-------- Records for processing --------
(* Off E the gaps are affine near y; on E the profile is flat to second order. *)
Lemma profile_derivative P P' C : 0 <= C ->
  (forall a b y, derivable_pt_lim (fun y => P (y - a) (b - y)) y (P' (y - a) (b - y))) ->
  P' 0 0 = 0 ->
  (forall s t, 0 <= s -> 0 <= t -> s + t <= 3 -> Rabs (P s t) <= C * Rmin s t ^ 2) ->
  forall y, derivable_pt_lim (profile P) y (profile P' y).
Proof.
  intros HC HP HP' Hflat y; unfold profile.
  destruct (classic (E F n y)) as [HE | HE].
  - destruct (gaps_of_E y HE) as [Hl Hr]; rewrite Hl, Hr, HP'.
    apply derivable_pt_lim_flat with C.
    + specialize (Hflat 0 0 ltac:(lra) ltac:(lra) ltac:(lra)).
      rewrite Rmin_left, pow_i, Rmult_0_r in Hflat by (lra || lia).
      rewrite Hl, Hr; exact (Rabs_eq_0 _ (Rle_antisym _ _ Hflat (Rabs_pos _))).
    + intros y' _; destruct (gap_range F n hclosed hsub y') as [Hs [Ht Hst]].
      destruct (gap_min_small y y' HE) as [_ Hm2].
      eapply Rle_trans; [now apply Hflat | now apply Rmult_le_compat_l].
  - destruct (gaps_locally_affine F n hclosed hsub y HE) as [d [Hd Hloc]].
    destruct (Hloc y ltac:(rewrite Rminus_diag, Rabs_R0; lra)) as [-> ->].
    apply (derivable_pt_lim_locally_ext (fun y' => P (y' - a_ F n y) (b_ F n y - y')) _ _
      (y - d) (y + d)); [lra | | apply HP].
    intros y' Hy'; destruct (Hloc y' ltac:(apply Rabs_def1; lra)) as [-> ->]; reflexivity.
Qed.
(* Every strip $S\subset\mathbb{R}^2$ is foliated homeomorphic to a model strip; that is, there exist a model strip $S'$ and a homeomorphism $h:S\to S'$ mapping each leaf of the canonical foliation of $S$ onto a leaf of the canonical foliation of $S'$.
   Context: A subset $S\subset\mathbb{R}^2$ is a strip if for some real numbers $u<v$ one has $\mathbb{R}\times(u,v)\subset S\subset\mathbb{R}\times[u,v]$ and $S$ is open in the topology of $\mathbb{R}\times[u,v]$. Put $\partial_-S=S\cap(\mathbb{R}\times\{u\})$, $\partial_+S=S\cap(\mathbb{R}\times\{v\})$, $\partial S=\partial_-S\cup\partial_+S$; $\partial S$ is a disjoint union of at most countably many open (possibly unbounded) horizontal intervals, called boundary intervals. A strip is a model strip if in addition every connected component of $\partial S$ is a bounded interval and the closures in $\mathbb{R}\times[u,v]$ of distinct boundary intervals are mutually disjoint. The canonical foliation of a strip $S$ has as leaves the horizontal lines $\mathbb{R}\times\{t\}$, $t\in(u,v)$, and the boundary intervals of $\partial S$. A homeomorphism between foliated surfaces is foliated if it maps each leaf onto a leaf. *)

From Stdlib Require Import Reals.
Open Scope R_scope.

Definition pt := (R * R)%type.

Definition dist2 (p q : pt) : R :=
  sqrt ((fst p - fst q)^2 + (snd p - snd q)^2).

Definition band (u v : R) (p : pt) : Prop := u <= snd p <= v.

Definition is_strip (S : pt -> Prop) (u v : R) : Prop :=
  u < v /\
  (forall p : pt, u < snd p < v -> S p) /\
  (forall p : pt, S p -> band u v p) /\
  (forall p : pt, S p -> exists eps, 0 < eps /\
      forall q : pt, band u v q -> dist2 p q < eps -> S q).

Definition is_interval (I : R -> Prop) : Prop :=
  forall a b x, I a -> I b -> a <= x <= b -> I x.

(* L is a boundary interval of the strip S (with bounds u,v):
   a connected component of dS = S n (R x {u,v}), i.e. a maximal
   nonempty horizontal interval {c} x I contained in S, c in {u,v}. *)
Definition boundary_interval (S : pt -> Prop) (u v : R) (L : pt -> Prop) : Prop :=
  exists (c : R) (I : R -> Prop),
    (c = u \/ c = v) /\
    is_interval I /\
    (exists x, I x) /\
    (forall x, I x -> S (x, c)) /\
    (forall J : R -> Prop, is_interval J -> (forall x, I x -> J x) ->
        (forall x, J x -> S (x, c)) -> forall x, J x -> I x) /\
    (forall p : pt, L p <-> (snd p = c /\ I (fst p))).

Definition leaf (S : pt -> Prop) (u v : R) (L : pt -> Prop) : Prop :=
  (exists t, u < t < v /\ forall p : pt, L p <-> snd p = t) \/
  boundary_interval S u v L.

Definition band_closure (u v : R) (A : pt -> Prop) (p : pt) : Prop :=
  band u v p /\ forall eps, 0 < eps -> exists q, A q /\ dist2 p q < eps.

Definition is_model_strip (S : pt -> Prop) (u v : R) : Prop :=
  is_strip S u v /\
  (forall L, boundary_interval S u v L ->
     exists M, forall p, L p -> Rabs (fst p) <= M) /\
  (forall L1 L2, boundary_interval S u v L1 -> boundary_interval S u v L2 ->
     (exists p, L1 p /\ ~ L2 p \/ L2 p /\ ~ L1 p) ->
     forall p, ~ (band_closure u v L1 p /\ band_closure u v L2 p)).

Definition continuous_on (A : pt -> Prop) (f : pt -> pt) : Prop :=
  forall p, A p -> forall eps, 0 < eps -> exists delta, 0 < delta /\
    forall q, A q -> dist2 p q < delta -> dist2 (f p) (f q) < eps.

Definition homeomorphism (A B : pt -> Prop) (h g : pt -> pt) : Prop :=
  (forall p, A p -> B (h p)) /\
  (forall q, B q -> A (g q)) /\
  (forall p, A p -> g (h p) = p) /\
  (forall q, B q -> h (g q) = q) /\
  continuous_on A h /\ continuous_on B g.

(* Write h(x, t) = (F(x, t), t) with every F(., t) increasing.  On an edge t = c the boundary
   intervals are the components of the open set O = {x | (x, c) in S}, and F(., c) is
   atan x + sum_n 2^-n [x > a_n], where a_n is the right end of the component of O containing
   the n-th rational (when that end is finite).  Between two components there is such a right
   end, so the step there opens a gap in the image: the image components are bounded (by the
   atan) and have disjoint closures.  In the interior the steps are smoothed into ramps of
   width the distance to the edge, which keeps F continuous, and a term (t - u)(v - t) x makes
   each interior row onto R.  Monotonicity on rows makes the inverse continuous as well. *)

From Stdlib Require Import Reals Lra Lia Classical ClassicalEpsilon Cantor ZArith.
From Coquelicot Require Import Coquelicot.
Open Scope R_scope.

(** * Weighted series *)

Definition weight (n : nat) : R := (/2)^n.

Lemma weight_pos n : 0 < weight n.
Proof. apply pow_lt. lra. Qed.

Lemma weight_le_1 n : weight n <= 1.
Proof. unfold weight. induction n; simpl; lra. Qed.

Lemma is_series_weight : is_series weight 2.
Proof.
  replace 2 with (/ (1 - /2)) by field. apply is_series_geom.
  rewrite Rabs_pos_eq; lra.
Qed.

Lemma ex_series_weight : ex_series weight.
Proof. exists 2. apply is_series_weight. Qed.

Lemma Series_weight : Series weight = 2.
Proof. apply is_series_unique, is_series_weight. Qed.

Lemma ex_series_weight_dominated (d : nat -> R) :
  (forall n, Rabs (d n) <= weight n) -> ex_series d.
Proof. intros H. apply (ex_series_le d weight); [apply H | apply ex_series_weight]. Qed.

Lemma Series_ge_0 (a : nat -> R) : (forall n, 0 <= a n) -> ex_series a -> 0 <= Series a.
Proof.
  intros H E. replace 0 with (Series (fun n => 0 * a n)).
  - apply Series_le; auto. intros n; split; [lra | rewrite Rmult_0_l; auto].
  - rewrite Series_scal_l. ring.
Qed.

Lemma Series_ge_term (d : nat -> R) n : (forall m, 0 <= d m) -> ex_series d -> d n <= Series d.
Proof.
  intros H E. rewrite (Series_incr_n d (S n)) by (auto; lia). simpl Init.Nat.pred.
  assert (d n <= sum_f_R0 d n).
  { destruct n; simpl; [lra|]. pose proof (cond_pos_sum d n H). lra. }
  assert (0 <= Series (fun k => d (S n + k)%nat)).
  { apply Series_ge_0; [intros; apply H | apply (ex_series_incr_n d (S n)), E]. }
  lra.
Qed.

Definition wsum (c : nat -> R) : R := Series (fun n => weight n * c n).

Definition unit_valued (c : nat -> R) : Prop := forall n, 0 <= c n <= 1.

Lemma weight_mul_abs_le n a : Rabs a <= 1 -> Rabs (weight n * a) <= weight n.
Proof.
  intros Ha. pose proof (weight_pos n). rewrite Rabs_mult, (Rabs_pos_eq (weight n)) by lra.
  pose proof (Rabs_pos a). nra.
Qed.

Lemma unit_valued_abs c n : unit_valued c -> Rabs (c n) <= 1.
Proof. intros H. specialize (H n). apply Rabs_le. lra. Qed.

Lemma unit_valued_abs_diff c c' n : unit_valued c -> unit_valued c' -> Rabs (c n - c' n) <= 1.
Proof. intros H H'. specialize (H n). specialize (H' n). apply Rabs_le. lra. Qed.

Lemma ex_series_wsum c : unit_valued c -> ex_series (fun n => weight n * c n).
Proof.
  intros H. apply ex_series_weight_dominated. intros n. apply weight_mul_abs_le, unit_valued_abs, H.
Qed.

Lemma wsum_range c : unit_valued c -> 0 <= wsum c <= 2.
Proof.
  intros H. split.
  - apply Series_ge_0; [|apply ex_series_wsum; auto].
    intros n. pose proof (weight_pos n). specialize (H n). nra.
  - rewrite <- Series_weight. apply Series_le; [|apply ex_series_weight].
    intros n. pose proof (weight_pos n). specialize (H n). nra.
Qed.

Lemma wsum_le c c' : unit_valued c -> unit_valued c' -> (forall n, c n <= c' n) ->
  wsum c <= wsum c'.
Proof.
  intros H H' Hle. apply Series_le; [|apply ex_series_wsum; auto].
  intros n. pose proof (weight_pos n). specialize (H n). specialize (Hle n). nra.
Qed.
(* Let $k_{ON},k_{OFF},k_I,\alpha_{p_1},\alpha_{p_2},\gamma_{p_1},\gamma_{m_2},\alpha_{m_2,I},\beta_{m_2,A},T_c>0$, $v_b>1$, $n\ge 1$, and set $a_1=k_{ON}$, $a_3=k_{ON}+k_{OFF}$, $a_4=k_I$, $a_5=\alpha_{p_1}$, $a_6=\gamma_{p_1}$, $a_7=\alpha_{m_2,I}$, $a_8=\gamma_{m_2}+\alpha_{p_1}+\alpha_{p_2}$, $a_9=\beta_{m_2,A}/v_b$, $a_{10}=v_b/T_c^n$, $a_{11}=1/T_c^n$. Consider the quasi-steady-state system \[ \begin{aligned} x' &= a_1 + (a_4-a_1)y - \Big(a_3 + a_9\frac{1+a_{10}v^n}{1+a_{11}v^n}\Big)x,\\ y' &= a_9\frac{1+a_{10}v^n}{1+a_{11}v^n}x - a_4 y,\\ v' &= a_5\frac{a_7}{a_8}x - a_6 v. \end{aligned} \] Then its positive steady state $(x^*,y^*,v^* )$ (all components positive) is locally asymptotically stable.
   Context: Here $x=\mathrm{LTR}_I$, $y=\mathrm{LTR}_A$, $v=\mathrm{Tat}$ in a model of HIV-1 transcription (with $\mathrm{LTR}_R=1-x-y$), obtained by replacing $\mathrm{env}_I$ with its quasi-steady-state value $\frac{a_7}{a_8}x$. *)

From Stdlib Require Import Reals.
From Coquelicot Require Import Coquelicot.
Open Scope R_scope.

Definition hill (a10 a11 : R) (n : nat) (v : R) : R :=
  (1 + a10 * v ^ n) / (1 + a11 * v ^ n).

Definition Fx (a1 a3 a4 a9 a10 a11 : R) (n : nat) (x y v : R) : R :=
  a1 + (a4 - a1) * y - (a3 + a9 * hill a10 a11 n v) * x.
Definition Fy (a4 a9 a10 a11 : R) (n : nat) (x y v : R) : R :=
  a9 * hill a10 a11 n v * x - a4 * y.
Definition Fv (a5 a6 a7 a8 : R) (x y v : R) : R :=
  a5 * (a7 / a8) * x - a6 * v.

Definition is_sol (fx fy fv : R -> R -> R -> R) (x y v : R -> R) : Prop :=
  (forall t, 0 < t ->
      is_derive x t (fx (x t) (y t) (v t)) /\
      is_derive y t (fy (x t) (y t) (v t)) /\
      is_derive v t (fv (x t) (y t) (v t))) /\
  filterlim x (at_right 0) (locally (x 0)) /\
  filterlim y (at_right 0) (locally (y 0)) /\
  filterlim v (at_right 0) (locally (v 0)).

Definition dist3 (x y v xs ys vs : R) : R :=
  sqrt ((x - xs) ^ 2 + (y - ys) ^ 2 + (v - vs) ^ 2).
--------
• What to work on
Write out only the lines that run from the line containing "Proof. apply is_series_unique, is_series_weight." through the line containing "assert (0 <= Series", both included, exactly as they appear above.

• Task result
Proof. apply is_series_unique, is_series_weight. Qed.

Lemma ex_series_weight_dominated (d : nat -> R) :
  (forall n, Rabs (d n) <= weight n) -> ex_series d.
Proof. intros H. apply (ex_series_le d weight); [apply H | apply ex_series_weight]. Qed.

Lemma Series_ge_0 (a : nat -> R) : (forall n, 0 <= a n) -> ex_series a -> 0 <= Series a.
Proof.
  intros H E. replace 0 with (Series (fun n => 0 * a n)).
  - apply Series_le; auto. intros n; split; [lra | rewrite Rmult_0_l; auto].
  - rewrite Series_scal_l. ring.
Qed.

Lemma Series_ge_term (d : nat -> R) n : (forall m, 0 <= d m) -> ex_series d -> d n <= Series d.
Proof.
  intros H E. rewrite (Series_incr_n d (S n)) by (auto; lia). simpl Init.Nat.pred.
  assert (d n <= sum_f_R0 d n).
  { destruct n; simpl; [lra|]. pose proof (cond_pos_sum d n H). lra. }
  assert (0 <= Series (fun k => d (S n + k)%nat)).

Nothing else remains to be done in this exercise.